(Data records)
BEGIN
Lemma nvars_DP_lt F v : minimally_unsat F -> singular F v -> (nvars (DP v F) < nvars F)%N.
Proof.
move=> MU Sv; rewrite (nvars_DP_singular MU Sv) prednK //.
have /singularP [p [_ [[X [XF pX _]] _]]] := Sv.
rewrite cardfs_gt0; apply/fset0Pn; exists p.1.
by apply/varsP; exists X; rewrite ?mem_vars_clause.
Qed.

Definition normal_form (F N : clauseset) := sDP_reach F N /\ nonsingular N.

Lemma normal_form_inv F N : normal_form F N ->
  (N = F /\ nonsingular F) \/ exists2 v, singular F v & normal_form (DP v F) N.
Proof. by case=> [[F'|F' v N' _ Sv R]] NS; [left|right; exists v]. Qed.

Lemma normal_form_step F v N : minimally_unsat F -> singular F v ->
  normal_form (DP v F) N -> normal_form F N.
Proof. by move=> MU Sv [R NS]; split => //; apply: sDP_step MU Sv R. Qed.

Lemma normal_form_exists F : minimally_unsat F -> exists N, normal_form F N.
Proof.
move: {2}(nvars F).+1 (ltnSn (nvars F)) => n; elim: n F => // n IH F /ltnSE lt MU.
case: (classic (nonsingular F)) => [NS|]; first by exists F; split => //; constructor.
move=> /not_all_ex_not [v /NNPP Sv].
have [|N NN] := IH (DP v F) _ (DP_singular_MU MU Sv).
  exact: leq_trans (nvars_DP_lt MU Sv) lt.
by exists N; apply: normal_form_step NN.
Qed.

Lemma normal_form_nonsingular F N : nonsingular F -> normal_form F N -> N = F.
Proof. by move=> NS /normal_form_inv [[]//|[v Sv _]]; case: (NS v). Qed.

Definition unique_nf_nvars (F : clauseset) :=
  forall N1 N2, normal_form F N1 -> normal_form F N2 -> nvars N1 = nvars N2.

Lemma joinable_nf_nvars F v w N1 N2 : minimally_unsat F -> singular F v -> singular F w ->
  joinable F v w -> unique_nf_nvars (DP v F) -> unique_nf_nvars (DP w F) ->
  normal_form (DP v F) N1 -> normal_form (DP w F) N2 -> nvars N1 = nvars N2.
Proof.
move=> MU Sv Sw [Svw Swv Evw] Uv Uw NN1 NN2.
have [MUv MUw] := (DP_singular_MU MU Sv, DP_singular_MU MU Sw).
have [N NN] := normal_form_exists (DP_singular_MU MUv Svw).
rewrite (Uv _ _ NN1 (normal_form_step MUv Svw NN)).
by rewrite Evw in NN; rewrite (Uw _ _ (normal_form_step MUw Swv NN) NN2).
Qed.

Lemma unique_nf_nvars_MU F : minimally_unsat F -> unique_nf_nvars F.
Proof.
move: {2}(nvars F).+1 (ltnSn (nvars F)) => n; elim: n F => // n IH F /ltnSE lt MU.
have IHv v : singular F v -> unique_nf_nvars (DP v F).
  move=> Sv; apply: IH (DP_singular_MU MU Sv).
  exact: leq_trans (nvars_DP_lt MU Sv) lt.
move=> N1 N2 NN1 NN2.
case: (normal_form_inv NN1) => [[-> NS]|[v Sv NN1']].
  by rewrite (normal_form_nonsingular NS NN2).
case: (normal_form_inv NN2) => [[_ NS]|[w Sw NN2']]; first by case: (NS v).
case: (eqVneq v w) NN2' Sw => [<-|vw] NN2' Sw; first exact: IHv v Sv _ _ NN1' NN2'.
case: (singular_pair_cases MU Sv Sw vw) => [J|[NSv NSw]|[u [Su Jvu Jwu]]].
- exact: joinable_nf_nvars MU Sv Sw J (IHv v Sv) (IHv w Sw) NN1' NN2'.
- rewrite (normal_form_nonsingular NSv NN1') (normal_form_nonsingular NSw NN2').
  by rewrite !nvars_DP_singular.
- have [N NN] := normal_form_exists (DP_singular_MU MU Su).
  rewrite (joinable_nf_nvars MU Sv Su Jvu (IHv v Sv) (IHv u Su) NN1' NN).
  by rewrite (joinable_nf_nvars MU Sw Su Jwu (IHv w Sw) (IHv u Su) NN2' NN).
Qed.

Theorem corollary64 (F F' F'' : clauseset) :
  wf_clauseset F -> minimally_unsat F ->
  in_sDP F F' -> in_sDP F F'' -> nvars F' = nvars F''.
Proof.
move=> _ MU [R' [NS' _]] [R'' [NS'' _]].
exact: unique_nf_nvars_MU MU _ _ (conj R' NS') (conj R'' NS'').
Qed.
END
- [EXERCISE]:
Where does the word "first" appear in the records? Copy every line that holds it.

- [TASK SOLUTION]:
case: (classic (nonsingular F)) => [NS|]; first by exists F; split => //; constructor.
case: (normal_form_inv NN2) => [[_ NS]|[w Sw NN2']]; first by case: (NS v).
case: (eqVneq v w) NN2' Sw => [<-|vw] NN2' Sw; first exact: IHv v Sv _ _ NN1' NN2'.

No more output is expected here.